Bug 1393004
| Summary: | selinux_validate_context() refpol is required for restorecon() calls | ||
|---|---|---|---|
| Product: | Red Hat Enterprise Linux 7 | Reporter: | Brian Bouterse <bmbouter> |
| Component: | selinux-policy | Assignee: | Lukas Vrabec <lvrabec> |
| Status: | CLOSED CANTFIX | QA Contact: | BaseOS QE Security Team <qe-baseos-security> |
| Severity: | low | Docs Contact: | |
| Priority: | low | ||
| Version: | 7.4 | CC: | dwalsh, lvrabec, mgrepl, mmalik, mpavlase, plautrba, pvrabec, ssekidde |
| Target Milestone: | rc | ||
| Target Release: | --- | ||
| Hardware: | Unspecified | ||
| OS: | Linux | ||
| Whiteboard: | |||
| Fixed In Version: | Doc Type: | If docs needed, set a value | |
| Doc Text: | Story Points: | --- | |
| Clone Of: | Environment: | ||
| Last Closed: | 2017-08-22 10:06:43 UTC | Type: | Bug |
| Regression: | --- | Mount Type: | --- |
| Documentation: | --- | CRM: | |
| Verified Versions: | Category: | --- | |
| oVirt Team: | --- | RHEL 7.3 requirements from Atomic Host: | |
| Cloudforms Team: | --- | Target Upstream Version: | |
| Embargoed: | |||
| Bug Depends On: | |||
| Bug Blocks: | 1393066 | ||
Hi Lukas.
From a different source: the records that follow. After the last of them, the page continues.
Lemma sumL_nonneg (h : A -> R) l : (forall v, 0 <= h v) -> 0 <= sumL h l.
Proof. intros H. induction l as [|a l IH]; simpl; [lra|]. pose proof (H a). lra. Qed.

Lemma sumL_zero (h : A -> R) l : (forall v, In v l -> h v = 0) -> sumL h l = 0.
Proof.
  induction l as [|a l IH]; simpl; intros H; [reflexivity|].
  rewrite H, IH by auto. ring.
Qed.

Lemma sumL_const (c : R) (l : list A) : sumL (fun _ => c) l = INR (length l) * c.
Proof. induction l as [|a l IH]; [simpl; ring|]. cbn [sumL fold_right length] in *.
  fold (sumL (fun _ => c) l). rewrite IH, S_INR. ring. Qed.

Lemma sumL_single (h : A -> R) l r : NoDup l -> In r l ->
  (forall v, In v l -> v <> r -> h v = 0) -> sumL h l = h r.
Proof.
  induction l as [|a l IH]; intros ND Hr H; [destruct Hr|]. inversion ND; subst. simpl.
  destruct (classic (a = r)) as [<-|Ha].
  - rewrite sumL_zero; [ring|]. intros v Hv. apply H; [now right|]. intros ->. contradiction.
  - rewrite (H a (or_introl eq_refl) Ha), IH; auto; [ring| |].
    + destruct Hr; [contradiction|assumption].
    + intros v Hv. apply H. now right.
Qed.

Lemma sumL_atmost1 (h : A -> R) l : NoDup l -> (forall v, h v <= 1) ->
  (forall v1 v2, h v1 <> 0 -> h v2 <> 0 -> v1 = v2) -> sumL h l <= 1.
Proof.
  induction l as [|a l IH]; intros ND H1 H2; simpl; [lra|]. inversion ND; subst.
  destruct (Req_dec (h a) 0) as [E|E].
  - rewrite E. pose proof (IH H4 H1 H2). lra.
  - rewrite sumL_zero; [pose proof (H1 a); lra|].
    intros v Hv. destruct (Req_dec (h v) 0) as [Z|Z]; [exact Z|].
    pose proof (H2 a v E Z). subst. contradiction.
Qed.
Policy is a development technology that can be used to run python applications, so the permissions needed vary application by application depending on the Python code inside. So there isn't a python-celery policy, but for our app, Pulp ( http://pulpproject.org/ ) we have three SELinux policies we maintain and distribute via rpm directly from upstream. The line of interest is currently committed into our pulp-celery policy here: https://github.com/pulp/pulp/blob/master/server/selinux/server/pulp-celery.te#L149 Please let me know if there is any way I can help. Thanks Brian, If these policy is shipped by upstream, these rules also should be fixed there. Closing this BZ as CANTFIX. Thanks Lukas. At most, this is a very low severity bug, so feel free to respond with a very brief response. My thinking was that refpol or python-selinux may have a bug in it, not the upstream policy. Everything works already in the upstream policy so there isn't a "fix" to apply there at all.
The claim of this bug is that I am required to include a "selinux_validate_context(celery_t)" statement when I run a python-selinux code of "selinux.restorecon('/path/to/dir', recursive=True)". I don't see why that selinux_validate_context() call is required. I may have an incorrect expectation. So the two questions I still have are:
Is it expected that a "selinux_validate_context(celery_t)" statement be included in my policy when running "selinux.restorecon()"? If it isn't then it's a bug in refpol or maybe python-selinux.
How can I learn more to better understand why this specific statement is required? I've read the refpol description, but maybe I should read the python-selinux implementation instead?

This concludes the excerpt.